Definition rhs_density (j : Z) : R :=
  dt / 4 * ((Rabs (Dp dx b j) + Rabs (Dm dx b j)) * Dp dx (Dp dx (Dm dx a)) j ^ 2)
  + 1 / (4 * dt) * ((Rabs (Dm dx b j) + Rabs (Dp dx b j)) * a j ^ 2)
  + 1 / 2 * ((L ^ sigma - dx / 2 * Dm dx b j) * Dp dx (Dm dx a) j ^ 2)
  + 1 / 2 * L ^ (2 - sigma) * (Dp dx a j * Dp dx a j)
  - b j * Dp dx (Dc dx a) j ^ 2.

(* Absorbs the index shifts of the Young terms, so that only telescoping differences remain. *)
Definition total_flux (j : Z) : R :=
  flux dx a b j
  + 1 / (4 * dt) * (Rabs (Dm dx b j) * a j ^ 2)
  - 1 / (4 * dt) * (Rabs (Dp dx b (j - 1)%Z) * a (j - 1)%Z ^ 2)
  - 1 / 2 * L ^ (2 - sigma) * Dp dx a (j - 1)%Z ^ 2.

Lemma density_bound (j : Z) :
  Dp dx (Dp dx (Dm dx a)) j * Dc dx (fun i => a i * b i) j
  <= rhs_density j + (total_flux (j + 1)%Z - total_flux j).
Proof.
  unfold rhs_density, total_flux. rewrite Dp3_Dc_mul_identity by exact Hdx.
  rewrite Z.add_simpl_r, Dm_succ, <- (Dm_eq_Dp_pred dx b j).
  assert (HLm : Rabs (- Dm dx b j) <= L) by (rewrite Rabs_Ropp, Dm_eq_Dp_pred; apply HL).
  pose proof (young_weighted dt (Dp dx b j) (Dp dx (Dp dx (Dm dx a)) j) (a (j + 1)%Z) Hdt).
  pose proof (young_weighted dt (Dm dx b j) (Dp dx (Dp dx (Dm dx a)) j) (a (j - 1)%Z) Hdt).
  pose proof (young_pow_split L _ (Dp dx (Dm dx a) j) (Dp dx a (j - 1)%Z) sigma HLm Hsigma).
  lra.
Qed.

End DensityBound.

Theorem lemma9 (dx dt : R) (a b : Z -> R) (sigma : nat) :
  0 < dx -> 0 < dt ->
  in_l2 a -> in_l2 b ->
  bounded_seq b -> bounded_seq (Dp dx b) ->
  (sigma = 0%nat \/ sigma = 1%nat) ->
  ip dx (Dp dx (Dp dx (Dm dx a))) (Dc dx (fun j => a j * b j))
  <= dt / 4 * ip dx (fun j => Rabs (Dp dx b j) + Rabs (Dm dx b j))
                    (fun j => (Dp dx (Dp dx (Dm dx a)) j) ^ 2)
     + 1 / (4 * dt) * ip dx (fun j => Rabs (Dm dx b j) + Rabs (Dp dx b j))
                    (fun j => a j ^ 2)
     + 1 / 2 * ip dx (fun j => linf (Dp dx b) ^ sigma - dx / 2 * Dm dx b j)
                    (fun j => (Dp dx (Dm dx a) j) ^ 2)
     + 1 / 2 * linf (Dp dx b) ^ (2 - sigma) * l2norm dx (Dp dx a) ^ 2
     - ip dx b (fun j => (Dp dx (Dc dx a) j) ^ 2).
Proof.
  (* b enters only through its boundedness and that of D+(b). *)
  intros Hdx Hdt Ha _ Hb HDb Hsigma.
  set (L := linf (Dp dx b)).
  pose proof (zl2_of_in_l2 a Ha) as Ha2.
  assert (HL : forall j, Rabs (Dp dx b j) <= L) by (intro j; exact (Rabs_le_linf _ j HDb)).
  assert (Hsum : zsum (fun j => Dp dx (Dp dx (Dm dx a)) j * Dc dx (fun i => a i * b i) j)
                 <= zsum (rhs_density dx dt L a b sigma)).
  { apply (zsum_le_telescoping _ _ (total_flux dx dt L a b sigma)).
    4: exact (density_bound dx dt L a b sigma ltac:(lra) Hdt HL Hsigma).
    all: unfold rhs_density, total_flux, flux; auto 14 with zsummable. }
  unfold rhs_density in Hsum.
  rewrite zsum_minus, !zsum_plus, !zsum_scal in Hsum by auto 14 with zsummable.
  unfold l2norm, ip.
  rewrite pow2_sqrt by (apply Rmult_le_pos;
    [lra | apply zsum_nonneg; [auto with zsummable | intro; apply Rle_0_sqr]]).
  apply (Rmult_le_compat_l dx) in Hsum; lra.
Qed.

WORK REQUIRED. Copy out the material in full, exactly as it reads.

FINISHED EXERCISE.
Definition rhs_density (j : Z) : R :=
  dt / 4 * ((Rabs (Dp dx b j) + Rabs (Dm dx b j)) * Dp dx (Dp dx (Dm dx a)) j ^ 2)
  + 1 / (4 * dt) * ((Rabs (Dm dx b j) + Rabs (Dp dx b j)) * a j ^ 2)
  + 1 / 2 * ((L ^ sigma - dx / 2 * Dm dx b j) * Dp dx (Dm dx a) j ^ 2)
  + 1 / 2 * L ^ (2 - sigma) * (Dp dx a j * Dp dx a j)
  - b j * Dp dx (Dc dx a) j ^ 2.

(* Absorbs the index shifts of the Young terms, so that only telescoping differences remain. *)
Definition total_flux (j : Z) : R :=
  flux dx a b j
  + 1 / (4 * dt) * (Rabs (Dm dx b j) * a j ^ 2)
  - 1 / (4 * dt) * (Rabs (Dp dx b (j - 1)%Z) * a (j - 1)%Z ^ 2)
  - 1 / 2 * L ^ (2 - sigma) * Dp dx a (j - 1)%Z ^ 2.

Lemma density_bound (j : Z) :
  Dp dx (Dp dx (Dm dx a)) j * Dc dx (fun i => a i * b i) j
  <= rhs_density j + (total_flux (j + 1)%Z - total_flux j).
Proof.
  unfold rhs_density, total_flux. rewrite Dp3_Dc_mul_identity by exact Hdx.
  rewrite Z.add_simpl_r, Dm_succ, <- (Dm_eq_Dp_pred dx b j).
  assert (HLm : Rabs (- Dm dx b j) <= L) by (rewrite Rabs_Ropp, Dm_eq_Dp_pred; apply HL).
  pose proof (young_weighted dt (Dp dx b j) (Dp dx (Dp dx (Dm dx a)) j) (a (j + 1)%Z) Hdt).
  pose proof (young_weighted dt (Dm dx b j) (Dp dx (Dp dx (Dm dx a)) j) (a (j - 1)%Z) Hdt).
  pose proof (young_pow_split L _ (Dp dx (Dm dx a) j) (Dp dx a (j - 1)%Z) sigma HLm Hsigma).
  lra.
Qed.

End DensityBound.

Theorem lemma9 (dx dt : R) (a b : Z -> R) (sigma : nat) :
  0 < dx -> 0 < dt ->
  in_l2 a -> in_l2 b ->
  bounded_seq b -> bounded_seq (Dp dx b) ->
  (sigma = 0%nat \/ sigma = 1%nat) ->
  ip dx (Dp dx (Dp dx (Dm dx a))) (Dc dx (fun j => a j * b j))
  <= dt / 4 * ip dx (fun j => Rabs (Dp dx b j) + Rabs (Dm dx b j))
                    (fun j => (Dp dx (Dp dx (Dm dx a)) j) ^ 2)
     + 1 / (4 * dt) * ip dx (fun j => Rabs (Dm dx b j) + Rabs (Dp dx b j))
                    (fun j => a j ^ 2)
     + 1 / 2 * ip dx (fun j => linf (Dp dx b) ^ sigma - dx / 2 * Dm dx b j)
                    (fun j => (Dp dx (Dm dx a) j) ^ 2)
     + 1 / 2 * linf (Dp dx b) ^ (2 - sigma) * l2norm dx (Dp dx a) ^ 2
     - ip dx b (fun j => (Dp dx (Dc dx a) j) ^ 2).
Proof.
  (* b enters only through its boundedness and that of D+(b). *)
  intros Hdx Hdt Ha _ Hb HDb Hsigma.
  set (L := linf (Dp dx b)).
  pose proof (zl2_of_in_l2 a Ha) as Ha2.
  assert (HL : forall j, Rabs (Dp dx b j) <= L) by (intro j; exact (Rabs_le_linf _ j HDb)).
  assert (Hsum : zsum (fun j => Dp dx (Dp dx (Dm dx a)) j * Dc dx (fun i => a i * b i) j)
                 <= zsum (rhs_density dx dt L a b sigma)).
  { apply (zsum_le_telescoping _ _ (total_flux dx dt L a b sigma)).
    4: exact (density_bound dx dt L a b sigma ltac:(lra) Hdt HL Hsigma).
    all: unfold rhs_density, total_flux, flux; auto 14 with zsummable. }
  unfold rhs_density in Hsum.
  rewrite zsum_minus, !zsum_plus, !zsum_scal in Hsum by auto 14 with zsummable.
  unfold l2norm, ip.
  rewrite pow2_sqrt by (apply Rmult_le_pos;
    [lra | apply zsum_nonneg; [auto with zsummable | intro; apply Rle_0_sqr]]).
  apply (Rmult_le_compat_l dx) in Hsum; lra.
Qed.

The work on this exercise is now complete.